● **WORK TASK**
Which lines in the data below contain the word "perv"? Return each of them.

● **DATA SECTION**
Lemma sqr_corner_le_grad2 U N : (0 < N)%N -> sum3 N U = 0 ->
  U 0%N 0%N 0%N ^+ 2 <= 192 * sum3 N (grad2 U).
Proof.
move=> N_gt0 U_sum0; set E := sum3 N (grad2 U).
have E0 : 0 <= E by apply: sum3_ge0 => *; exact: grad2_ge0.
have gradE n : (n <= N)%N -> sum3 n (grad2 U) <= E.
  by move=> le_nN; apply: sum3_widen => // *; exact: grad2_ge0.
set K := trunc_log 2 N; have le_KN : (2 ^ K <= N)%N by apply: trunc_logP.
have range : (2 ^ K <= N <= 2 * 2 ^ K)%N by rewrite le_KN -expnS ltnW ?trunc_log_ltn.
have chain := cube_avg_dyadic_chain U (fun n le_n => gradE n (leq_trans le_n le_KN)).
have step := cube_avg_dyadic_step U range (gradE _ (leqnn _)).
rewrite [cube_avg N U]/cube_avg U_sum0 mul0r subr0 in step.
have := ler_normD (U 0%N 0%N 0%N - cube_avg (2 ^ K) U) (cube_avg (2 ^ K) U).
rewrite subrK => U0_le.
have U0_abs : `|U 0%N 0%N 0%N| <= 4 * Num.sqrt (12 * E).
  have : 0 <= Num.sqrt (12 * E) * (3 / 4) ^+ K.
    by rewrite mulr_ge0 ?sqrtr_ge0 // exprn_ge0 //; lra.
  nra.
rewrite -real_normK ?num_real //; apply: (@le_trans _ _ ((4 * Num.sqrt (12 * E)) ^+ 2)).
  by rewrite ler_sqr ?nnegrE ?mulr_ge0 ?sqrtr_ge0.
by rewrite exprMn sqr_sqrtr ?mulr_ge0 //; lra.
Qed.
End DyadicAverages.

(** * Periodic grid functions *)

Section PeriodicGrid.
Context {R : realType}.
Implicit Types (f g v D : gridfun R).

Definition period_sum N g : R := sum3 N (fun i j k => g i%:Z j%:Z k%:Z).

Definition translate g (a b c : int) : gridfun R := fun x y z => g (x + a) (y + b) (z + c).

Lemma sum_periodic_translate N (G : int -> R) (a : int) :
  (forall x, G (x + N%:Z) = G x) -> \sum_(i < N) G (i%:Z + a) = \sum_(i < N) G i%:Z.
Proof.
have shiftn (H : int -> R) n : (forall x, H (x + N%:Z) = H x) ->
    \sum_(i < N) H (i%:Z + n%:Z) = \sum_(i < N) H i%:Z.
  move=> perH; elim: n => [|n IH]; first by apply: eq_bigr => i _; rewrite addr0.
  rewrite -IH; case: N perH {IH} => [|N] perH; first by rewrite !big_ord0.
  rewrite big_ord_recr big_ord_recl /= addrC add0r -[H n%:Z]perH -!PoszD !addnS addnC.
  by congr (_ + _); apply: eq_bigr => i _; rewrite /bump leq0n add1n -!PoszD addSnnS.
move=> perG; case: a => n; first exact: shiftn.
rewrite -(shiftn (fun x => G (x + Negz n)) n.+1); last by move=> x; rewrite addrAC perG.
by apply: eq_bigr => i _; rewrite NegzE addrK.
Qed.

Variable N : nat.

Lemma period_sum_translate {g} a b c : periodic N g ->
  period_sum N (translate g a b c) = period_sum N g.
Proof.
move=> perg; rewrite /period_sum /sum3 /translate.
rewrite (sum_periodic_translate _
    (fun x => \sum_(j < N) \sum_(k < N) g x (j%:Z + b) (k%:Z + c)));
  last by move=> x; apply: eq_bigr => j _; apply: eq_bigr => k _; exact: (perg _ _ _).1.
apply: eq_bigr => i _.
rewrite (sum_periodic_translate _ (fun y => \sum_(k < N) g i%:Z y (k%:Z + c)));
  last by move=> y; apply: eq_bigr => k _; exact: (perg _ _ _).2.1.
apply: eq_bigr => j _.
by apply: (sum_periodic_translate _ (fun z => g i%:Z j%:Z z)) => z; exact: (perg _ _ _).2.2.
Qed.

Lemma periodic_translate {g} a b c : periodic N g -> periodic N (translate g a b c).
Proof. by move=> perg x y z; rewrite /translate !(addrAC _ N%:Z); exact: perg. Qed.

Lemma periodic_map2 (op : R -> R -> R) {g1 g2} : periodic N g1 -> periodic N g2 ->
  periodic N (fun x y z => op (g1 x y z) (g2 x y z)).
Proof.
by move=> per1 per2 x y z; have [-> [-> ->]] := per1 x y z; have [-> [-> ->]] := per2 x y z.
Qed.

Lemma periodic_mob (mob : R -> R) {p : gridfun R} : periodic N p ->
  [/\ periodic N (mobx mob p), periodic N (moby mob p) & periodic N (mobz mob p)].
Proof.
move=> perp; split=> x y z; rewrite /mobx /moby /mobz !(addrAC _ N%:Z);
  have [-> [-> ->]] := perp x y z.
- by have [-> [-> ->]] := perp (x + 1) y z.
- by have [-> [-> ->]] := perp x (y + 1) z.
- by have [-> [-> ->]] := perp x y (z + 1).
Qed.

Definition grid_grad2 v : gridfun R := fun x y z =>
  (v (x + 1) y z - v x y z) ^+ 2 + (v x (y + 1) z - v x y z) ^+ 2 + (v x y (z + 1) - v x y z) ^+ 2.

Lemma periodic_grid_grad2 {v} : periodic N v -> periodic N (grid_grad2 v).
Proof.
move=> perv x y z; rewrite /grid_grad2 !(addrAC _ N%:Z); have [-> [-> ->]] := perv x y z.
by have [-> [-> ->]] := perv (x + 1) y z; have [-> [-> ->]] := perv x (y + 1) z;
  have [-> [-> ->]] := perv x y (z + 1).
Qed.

● **SOLUTION FOR THIS PROBLEM**
move=> perv x y z; rewrite /grid_grad2 !(addrAC _ N%:Z); have [-> [-> ->]] := perv x y z.
by have [-> [-> ->]] := perv (x + 1) y z; have [-> [-> ->]] := perv x (y + 1) z;
  have [-> [-> ->]] := perv x y (z + 1).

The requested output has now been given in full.